Right then, as I looked into his eyes, I had confirmation of what I always had suspected. This man had something to do with that murder. I don’t know if he had help, and I don’t know if he was alone.  O.J. could have planned it, or maybe it happened in a fit of rage.  I’ll probably never know.

But I do know one thing for sure. O.J. Simpson was on Bundy Drive that night. He has some sort of responsibility. An innocent person doesn’t laugh about a murder while doing an on camera interview with a TV reporter.

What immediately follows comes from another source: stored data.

(* Let $G$ be a connected undirected graph with positive edge weights, weighted adjacency matrix $\mathbf{A}$, degree matrix $\mathbf{D}$ (degrees $d_u$) and Laplacian $\mathbf{L}=\mathbf{D}-\mathbf{A}$, and let $\pi=\frac{\mathbf{D}\mathbf{1}}{\mathbf{1}^\top\mathbf{D}\mathbf{1}}$. For each vertex $u$ define $\sigma_u=\frac12\sum_{t=0}^\infty\left(\left(\frac12\mathbf{I}+\frac12\mathbf{A}\mathbf{D}^{-1}\right)^t\mathbf{1_u}-\pi\right)$. Let $\varepsilon>0$ and suppose vectors $\widetilde{\sigma}_u$ satisfy $\|\widetilde{\sigma}_u-\sigma_u\|_\infty\le\varepsilon/4$ for all $u$. Then for every edge $(u,v)$ of $G$, the quantity $$\frac{1}{d_u}(\widetilde{\sigma}_u)_u-\frac{1}{d_v}(\widetilde{\sigma}_u)_v+\frac{1}{d_v}(\widetilde{\sigma}_v)_v-\frac{1}{d_u}(\widetilde{\sigma}_v)_u$$ is a $(1+\varepsilon)$-approximation to the effective resistance $R(u,v)$.
   Context: $R(u,v)=(\mathbf{1_u}-\mathbf{1_v})^\top\mathbf{L}^+(\mathbf{1_u}-\mathbf{1_v})$ with $\mathbf{L}^+$ the pseudoinverse. A $(1+\varepsilon)$-approximation $\widetilde R$ of $R$ satisfies $(1-\varepsilon)R\le\widetilde R\le(1+\varepsilon)R$. *)

From HB Require Import structures.
From mathcomp Require Import all_boot all_order all_algebra.
From mathcomp Require Import all_classical all_reals all_analysis.
Set Implicit Arguments. Unset Strict Implicit. Unset Printing Implicit Defensive.
Import Order.TTheory GRing.Theory Num.Theory.
Local Open Scope ring_scope.
Local Open Scope classical_set_scope.
Import numFieldNormedType.Exports.

Section Defs.
Variables (R : realType) (n : nat).
Implicit Types (A L X : 'M[R]_n) (u v x : 'I_n).

Definition deg A u : R := \sum_(v < n) A u v.

Definition degmx A : 'M[R]_n := \matrix_(i, j) ((i == j)%:R * deg A i).

Definition laplacian A : 'M[R]_n := degmx A - A.

Definition connected_graph A : Prop :=
  forall u v, connect [rel x y | 0 < A x y] u v.

Definition is_pinv L X : Prop :=
  [/\ L *m X *m L = L, X *m L *m X = X,
      (L *m X)^T = L *m X & (X *m L)^T = X *m L].

Definition ind u : 'cV[R]_n := \col_i (i == u)%:R.

Definition effres X u v : R :=
  ((ind u - ind v)^T *m X *m (ind u - ind v)) 0 0.

Definition stat A x : R := deg A x / \sum_(y < n) deg A y.

Definition lazywalk A : 'M[R]_n :=
  \matrix_(i, j) ((i == j)%:R / 2 + A i j / (2 * deg A j)).

Definition walk A (t : nat) u x : R := (iter t (mulmx (lazywalk A)) (ind u)) x 0.

Definition is_sigma A (sig : 'I_n -> 'I_n -> R) : Prop :=
  forall u x,
    (fun N : nat => 2^-1 * \sum_(t < N) (walk A t u x - stat A x)) @ \oo
      --> sig u x.

Definition eps_approx (eps r rt : R) : Prop :=
  (1 - eps) * r <= rt /\ rt <= (1 + eps) * r.

End Defs.

From HB Require Import structures.
From mathcomp Require Import all_boot all_order all_algebra.
From mathcomp Require Import all_classical all_reals all_analysis.
From mathcomp Require Import ring lra.
Set Implicit Arguments.
Unset Strict Implicit.
Unset Printing Implicit Defensive.
Import Order.TTheory GRing.Theory Num.Theory.
Import numFieldNormedType.Exports.
Local Open Scope ring_scope.
Local Open Scope classical_set_scope.

(* Let p_N be the N-th partial sum defining sigma_w and W the lazy walk.
   Since L D^-1 = 2 (I - W) and (I - W) pi = 0, the vector L D^-1 p_N
   telescopes to 1_w - W^N 1_w; as W^N 1_w = pi + 2 (p_(N+1) - p_N) tends to
   pi, passing to the limit gives L D^-1 sigma_w = 1_w - pi.  Hence
   z = D^-1 (sigma_u - sigma_v) solves L z = 1_u - 1_v, so
   R(u,v) = z^T L z = z_u - z_v, which is the displayed expression evaluated at
   the exact sigma.  The approximation moves each of its four terms by at most
   eps / (4 d), i.e. the whole expression by at most (eps/2) (1/d_u + 1/d_v).
   Finally, for u <> v, nonnegativity of the Laplacian form at z - (1/d_u) 1_u,
   together with L_uu <= d_u, gives R(u,v) >= 1/d_u, and likewise
   R(u,v) >= 1/d_v. *)

Section QuadraticForms.
Variables (R : realType) (n : nat).
Implicit Types (L X : 'M[R]_n) (z w : 'cV[R]_n).

Definition qform L z : R := (z^T *m L *m z) 0 0.

Lemma ind_delta (u : 'I_n) : ind R u = delta_mx u 0.
Proof. by apply/matrixP => i j; rewrite !mxE (ord1 j) eqxx andbT. Qed.

Lemma trmx_mul_ind w x : (w^T *m ind R x) 0 0 = w x 0.
Proof. by rewrite ind_delta -colE !mxE. Qed.

Lemma ind_trmx_mul w x : ((ind R x)^T *m w) 0 0 = w x 0.
Proof. by rewrite ind_delta trmx_delta -rowE mxE. Qed.

Lemma qform_subZind L z t x : L^T = L ->
  qform L (z - t *: ind R x) =
  qform L z - 2 * t * (L *m z) x 0 + t ^+ 2 * L x x.
Proof.
move=> L_sym; set e := ind R x.
have trE : (z - t *: e)^T = z^T - t *: e^T.
  by apply/matrixP => i j; rewrite !mxE.
have zLe : (z^T *m L *m e) 0 0 = (L *m z) x 0.
  by rewrite -trmx_mul_ind trmx_mul L_sym.
have eLz : (e^T *m L *m z) 0 0 = (L *m z) x 0 by rewrite -mulmxA ind_trmx_mul.
have eLe : (e^T *m L *m e) 0 0 = L x x.
  by rewrite -mulmxA ind_trmx_mul /e ind_delta -colE mxE.
rewrite /qform trE !(mulmxBl, mulmxBr) -!scalemxAl -!scalemxAr.
move: zLe eLz eLe; set a := z^T *m L *m z; set b := z^T *m L *m e.
set c := e^T *m L *m z; set d := e^T *m L *m e.
by rewrite !mxE => -> -> ->; ring.
Qed.

Lemma invr_le_qform L z x d :
  L^T = L -> (forall w, 0 <= qform L w) -> 0 < d -> L x x <= d ->
  (L *m z) x 0 ^+ 2 = 1 -> d^-1 <= qform L z.
Proof.
move=> L_sym L_psd d_gt0 Lxx_le b2; set b := (L *m z) x 0 in b2.
have := L_psd (z - (b / d) *: ind R x); rewrite qform_subZind // -/b.
have -> : 2 * (b / d) * b = 2 * b ^+ 2 / d by ring.
have : (b / d) ^+ 2 * L x x <= d^-1.
  rewrite exprMn b2 mul1r; apply: (le_trans (y := d^-1 ^+ 2 * d)).
  - by rewrite ler_wpM2l // exprn_ge0 // invr_ge0 ltW.
  - by rewrite expr2 -mulrA mulVf ?mulr1 ?lt0r_neq0.
rewrite b2 mulr1; lra.
Qed.

Lemma qform_potential L z u v :
  L *m z = ind R u - ind R v -> qform L z = z u 0 - z v 0.
Proof.
move=> Lz; rewrite /qform -mulmxA Lz mulmxBr.
by rewrite mxE [X in _ + X]mxE !trmx_mul_ind.
Qed.

Lemma effres_qform L X z u v : L^T = L -> is_pinv L X ->
  L *m z = ind R u - ind R v -> effres X u v = qform L z.
Proof.
move=> L_sym [LXL _ _ _] Lz.
rewrite /effres /qform -Lz trmx_mul L_sym.
by rewrite -[in RHS]LXL !mulmxA.
Qed.

End QuadraticForms.

Section Laplacian.
Variables (R : realType) (n : nat) (A : 'M[R]_n).
Implicit Types (w : 'cV[R]_n).

Lemma degmxE : degmx A = diag_mx (\row_i deg A i).
Proof. by apply/matrixP => i j; rewrite !mxE mulr_natl. Qed.

Lemma laplacian_mulmx w i :
  (laplacian A *m w) i 0 = deg A i * w i 0 - \sum_k A i k * w k 0.
Proof. by rewrite /laplacian mulmxBl degmxE mul_diag_mx !mxE. Qed.

Lemma laplacian_mul_const c : laplacian A *m (const_mx c : 'cV_n) = 0.
Proof.
apply/matrixP => i j; rewrite (ord1 j) laplacian_mulmx !mxE /deg mulr_suml.
by under [X in _ - X]eq_bigr do rewrite mxE; rewrite subrr.
Qed.

Hypothesis A_sym : A^T = A.

Let A_symE i j : A i j = A j i.
Proof. by rewrite -[in LHS]A_sym mxE. Qed.

Lemma laplacian_sym : (laplacian A)^T = laplacian A.
Proof.
apply/matrixP => i j; rewrite !mxE A_symE.
by case: eqVneq => [->|_]; rewrite ?mul0r.
Qed.

Lemma laplacian_qformE w :
  qform (laplacian A) w = 2^-1 * \sum_i \sum_k A i k * (w i 0 - w k 0) ^+ 2.
Proof.
set q := qform _ w.
have qE : q = \sum_i \sum_k A i k * w i 0 * (w i 0 - w k 0).
  rewrite /q /qform -mulmxA mxE; apply: eq_bigr => i _.
  rewrite laplacian_mulmx !mxE /deg mulr_suml -sumrB mulr_sumr.
  by apply: eq_bigr => k _; ring.
have qE' : q = \sum_i \sum_k A i k * w k 0 * (w k 0 - w i 0).
  rewrite qE exchange_big; apply: eq_bigr => i _; apply: eq_bigr => k _ /=.
  by rewrite A_symE.
have -> : q = 2^-1 * (q + q) by field.
rewrite {1}qE qE' -big_split; congr (_ * _); apply: eq_bigr => i _.
by rewrite -big_split; apply: eq_bigr => k _ /=; ring.
Qed.

Hypothesis A_ge0 : forall i j, 0 <= A i j.

Lemma laplacian_qform_ge0 w : 0 <= qform (laplacian A) w.
Proof.
rewrite laplacian_qformE mulr_ge0 ?invr_ge0 ?ler0n //.
by do 2!apply: sumr_ge0 => ? _; rewrite mulr_ge0 ?sqr_ge0.
Qed.

Lemma laplacian_diag_le_deg x : laplacian A x x <= deg A x.
Proof. by rewrite !mxE eqxx mul1r lerBlDr lerDl. Qed.

Lemma invdeg_le_effres X z u v x :
  is_pinv (laplacian A) X -> laplacian A *m z = ind R u - ind R v ->
  u != v -> (x == u) || (x == v) -> 0 < deg A x -> (deg A x)^-1 <= effres X u v.
Proof.
move=> pinv Lz neq x_uv deg_x_gt0.
rewrite (effres_qform laplacian_sym pinv Lz).
apply: invr_le_qform laplacian_sym laplacian_qform_ge0 deg_x_gt0 _ _.
  exact: laplacian_diag_le_deg.
rewrite Lz !mxE; case/orP: x_uv => /eqP ->.
  by rewrite eqxx (negbTE neq) subr0 expr1n.
by rewrite eqxx eq_sym (negbTE neq) sub0r sqrrN expr1n.
Qed.

Lemma deg_ge_entry i j : A i j <= deg A i.
Proof. by rewrite /deg (bigD1 j) //= lerDl sumr_ge0. Qed.

Lemma connected_deg_gt0 u v :
  connected_graph A -> 0 < A u v -> forall i, 0 < deg A i.
Proof.
move=> conn uv i; have [k ik] : exists k, 0 < A i k.
  have [->|iu] := eqVneq i u; first by exists v.
  have /connectP[[|k p] /= path_ik last_eq] := conn i u.
    by rewrite last_eq eqxx in iu.
  by exists k; case/andP: path_ik.
exact: lt_le_trans ik (deg_ge_entry i k).
Qed.

End Laplacian.

Lemma cvg_mulmx_col (R : realType) m n (M : 'M[R]_(m, n))
    (v : nat -> 'cV[R]_n) (l : 'cV[R]_n) i :
  (forall j, v N j 0 @[N --> \oo] --> l j 0) ->
  (M *m v N) i 0 @[N --> \oo] --> (M *m l) i 0.
Proof.
move=> vl; rewrite mxE; under eq_cvg do rewrite mxE.
apply: cvg_big => [|j _]; first exact: add_continuous.
exact: cvgMl_tmp.
Qed.

Section LazyWalk.
Variables (R : realType) (n : nat) (A : 'M[R]_n).

Definition invdegmx : 'M[R]_n := diag_mx (\row_i (deg A i)^-1).

Definition statvec : 'cV[R]_n := \col_x stat A x.

Definition sigma_partial w N : 'cV[R]_n :=
  2^-1 *: \sum_(t < N) (iter t (mulmx (lazywalk A)) (ind R w) - statvec).

Lemma lazywalkE : lazywalk A = 2^-1 *: (1%:M + A *m invdegmx).
Proof. by apply/matrixP => i j; rewrite mul_mx_diag !mxE invfM; ring. Qed.

Lemma sigma_partial_entry w N x :
  sigma_partial w N x 0 = 2^-1 * \sum_(t < N) (walk A t w x - stat A x).
Proof. by rewrite !mxE summxE; under eq_bigr do rewrite !mxE. Qed.

Lemma iter_lazywalk_sigma_partial w N :
  iter N (mulmx (lazywalk A)) (ind R w) =
  statvec + 2 *: (sigma_partial w N.+1 - sigma_partial w N).
Proof.
rewrite /sigma_partial big_ord_recr /= -scalerBr addrAC subrr add0r scalerA.
by rewrite mulfV ?pnatr_eq0 // scale1r addrC subrK.
Qed.

Hypothesis deg_neq0 : forall i, deg A i != 0.

Lemma laplacian_invdeg : laplacian A *m invdegmx = 2 *: (1%:M - lazywalk A).
Proof.
apply/matrixP => i j; rewrite lazywalkE !mul_mx_diag !mxE.
by case: eqVneq => [<-|_] /=; field; exact: deg_neq0.
Qed.

Lemma invdeg_statvec : invdegmx *m statvec = const_mx (\sum_y deg A y)^-1.
Proof.
by apply/matrixP => i j; rewrite mul_diag_mx !mxE /stat mulKf.
Qed.

Lemma lazywalk_statvec : (1%:M - lazywalk A) *m statvec = 0.
Proof.
have := laplacian_mul_const A (\sum_y deg A y)^-1.
rewrite -invdeg_statvec mulmxA laplacian_invdeg -scalemxAl => /eqP.
by rewrite scaler_eq0 pnatr_eq0 => /eqP.
Qed.

Lemma laplacian_sigma_partial w N :
  laplacian A *m (invdegmx *m sigma_partial w N) =
  ind R w - iter N (mulmx (lazywalk A)) (ind R w).
Proof.
rewrite mulmxA laplacian_invdeg /sigma_partial -scalemxAl -scalemxAr scalerA.
rewrite mulfV ?pnatr_eq0 // scale1r mulmx_sumr.
under eq_bigr do rewrite mulmxBr lazywalk_statvec subr0 mulmxBl mul1mx.
rewrite -opprB -(telescope_sumr (fun t => iter t (mulmx (lazywalk A)) (ind R w))
  (leq0n N)) big_mkord -sumrN.
by apply: eq_bigr => t _; rewrite opprB.
Qed.

Lemma laplacian_invdeg_sigma sig w : is_sigma A sig ->
  laplacian A *m (invdegmx *m \col_x sig w x) = ind R w - statvec.
Proof.
move=> sigma; apply/matrixP => i j; rewrite (ord1 j) mulmxA.
have sp_cvg x : sigma_partial w N x 0 @[N --> \oo] --> (\col_x sig w x) x 0.
  by rewrite mxE; under eq_cvg do rewrite sigma_partial_entry; exact: sigma.
have L1 := cvg_mulmx_col (M := laplacian A *m invdegmx) (i := i) sp_cvg.
have L2 : (laplacian A *m invdegmx *m sigma_partial w N) i 0 @[N --> \oo]
    --> (ind R w - statvec) i 0.
  have -> : (fun N => (laplacian A *m invdegmx *m sigma_partial w N) i 0) =
      (fun N => (ind R w - statvec) i 0
                - 2 * (sigma_partial w N.+1 i 0 - sigma_partial w N i 0)).
    apply: funext => N; rewrite -mulmxA laplacian_sigma_partial.
    by rewrite iter_lazywalk_sigma_partial !mxE; ring.
  rewrite -[X in _ --> X]subr0 -(mulr0 2) -(subrr ((\col_x sig w x) i 0)).
  apply: cvgB; first exact: cvg_cst.
  apply: cvgMl_tmp; apply: cvgB => //.
  by have := sp_cvg i; rewrite -cvg_shiftS.
exact: cvg_unique L1 L2.
Qed.

End LazyWalk.

Section Estimate.
Variables (R : realType) (n : nat).

Definition resistance_estimate (d : 'I_n -> R) (s : 'I_n -> 'I_n -> R) u v
  : R :=
  s u u / d u - s u v / d v + s v v / d v - s v u / d u.

Lemma eps_approx_of_dist (eps r rt : R) :
  `|rt - r| <= eps * r -> eps_approx eps r rt.
Proof. by rewrite ler_norml => /andP[lo hi]; split; lra. Qed.

Lemma dist_divr_le (a b d e : R) :
  0 < d -> `|a - b| <= e -> `|a / d - b / d| <= e / d.
Proof.
move=> d_gt0 ab.
by rewrite -mulrBl normrM normfV (gtr0_norm d_gt0) ler_pM2r ?invr_gt0.
Qed.

Lemma resistance_estimate_approx (d : 'I_n -> R) (s s' : 'I_n -> 'I_n -> R)
    eps u v :
  (forall x, 0 < d x) -> (forall w x, `|s' w x - s w x| <= eps / 4) ->
  0 < eps -> (d u)^-1 <= resistance_estimate d s u v ->
  (d v)^-1 <= resistance_estimate d s u v ->
  eps_approx eps (resistance_estimate d s u v) (resistance_estimate d s' u v).
Proof.
move=> d_gt0 err eps_gt0 lb_u lb_v; apply: eps_approx_of_dist.
have := ler_wpM2l (ltW eps_gt0) lb_u; have := ler_wpM2l (ltW eps_gt0) lb_v.
have err_div w x := dist_divr_le (d_gt0 x) (err w x).
move: (err_div u u) (err_div u v) (err_div v v) (err_div v u).
rewrite /resistance_estimate !ler_norml.
move=> /andP[? ?] /andP[? ?] /andP[? ?] /andP[? ?] ? ?.
by apply/andP; split; lra.
Qed.

End Estimate.

Theorem lemma3p4 (R : realType) (n : nat) (A X : 'M[R]_n)
    (sig sigt : 'I_n -> 'I_n -> R) (eps : R) :
  A^T = A ->
  (forall i j, 0 <= A i j) ->
  connected_graph A ->
  is_pinv (laplacian A) X ->
  is_sigma A sig ->
  0 < eps ->
  (forall u x, `|sigt u x - sig u x| <= eps / 4) ->
  forall u v, 0 < A u v ->
    eps_approx eps (effres X u v)
      (sigt u u / deg A u - sigt u v / deg A v
       + sigt v v / deg A v - sigt v u / deg A u).
Proof.
move=> A_sym A_ge0 conn pinv sigma eps_gt0 err u v uv.
have deg_gt0 := connected_deg_gt0 A_ge0 conn uv.
have deg_neq0 i : deg A i != 0 by rewrite lt0r_neq0.
set z := invdegmx A *m (\col_x sig u x - \col_x sig v x).
have Lz : laplacian A *m z = ind R u - ind R v.
  by rewrite /z !mulmxBr !laplacian_invdeg_sigma // opprB addrA subrK.
have resE : effres X u v = resistance_estimate (deg A) sig u v.
  rewrite (effres_qform (laplacian_sym A_sym) pinv Lz) (qform_potential Lz).
  by rewrite /z !mul_diag_mx !mxE /resistance_estimate; ring.
rewrite resE -/(resistance_estimate (deg A) sigt u v).
have [<-|neq] := eqVneq u v.
  by rewrite /resistance_estimate !(subrr, add0r); split; rewrite mulr0.
have lb x : (x == u) || (x == v) ->
    (deg A x)^-1 <= resistance_estimate (deg A) sig u v.
  move=> x_uv; rewrite -resE.
  by rewrite (invdeg_le_effres A_sym A_ge0 pinv Lz neq x_uv (deg_gt0 x)).
apply: resistance_estimate_approx => //; apply: lb; rewrite eqxx ?orbT //.
Qed.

An innocent person doesn’t switch subjects that easily.

And an innocent person doesn’t make jokes about a case that everyone called “The Trial of the Century.”

On this, the 20th anniversary of Nicole and Ron’s murder, my heart goes out to those families. That case played out in such a public way, but two decades later,  no one sits in jail for the crime. Yes, O.J. is in jail on other charges. A civil court held him responsible. The LAPD considers the case closed. But it’s still sort of a hollow thing.

For me, it’s a case I’ll always have a small tie to. The day I met O.J. Simpson still ranks at the top of my list as one of the strangest things I have ever encountered in my years as a TV reporter and anchor. It’s one of those moments I couldn’t forget, even if I tried.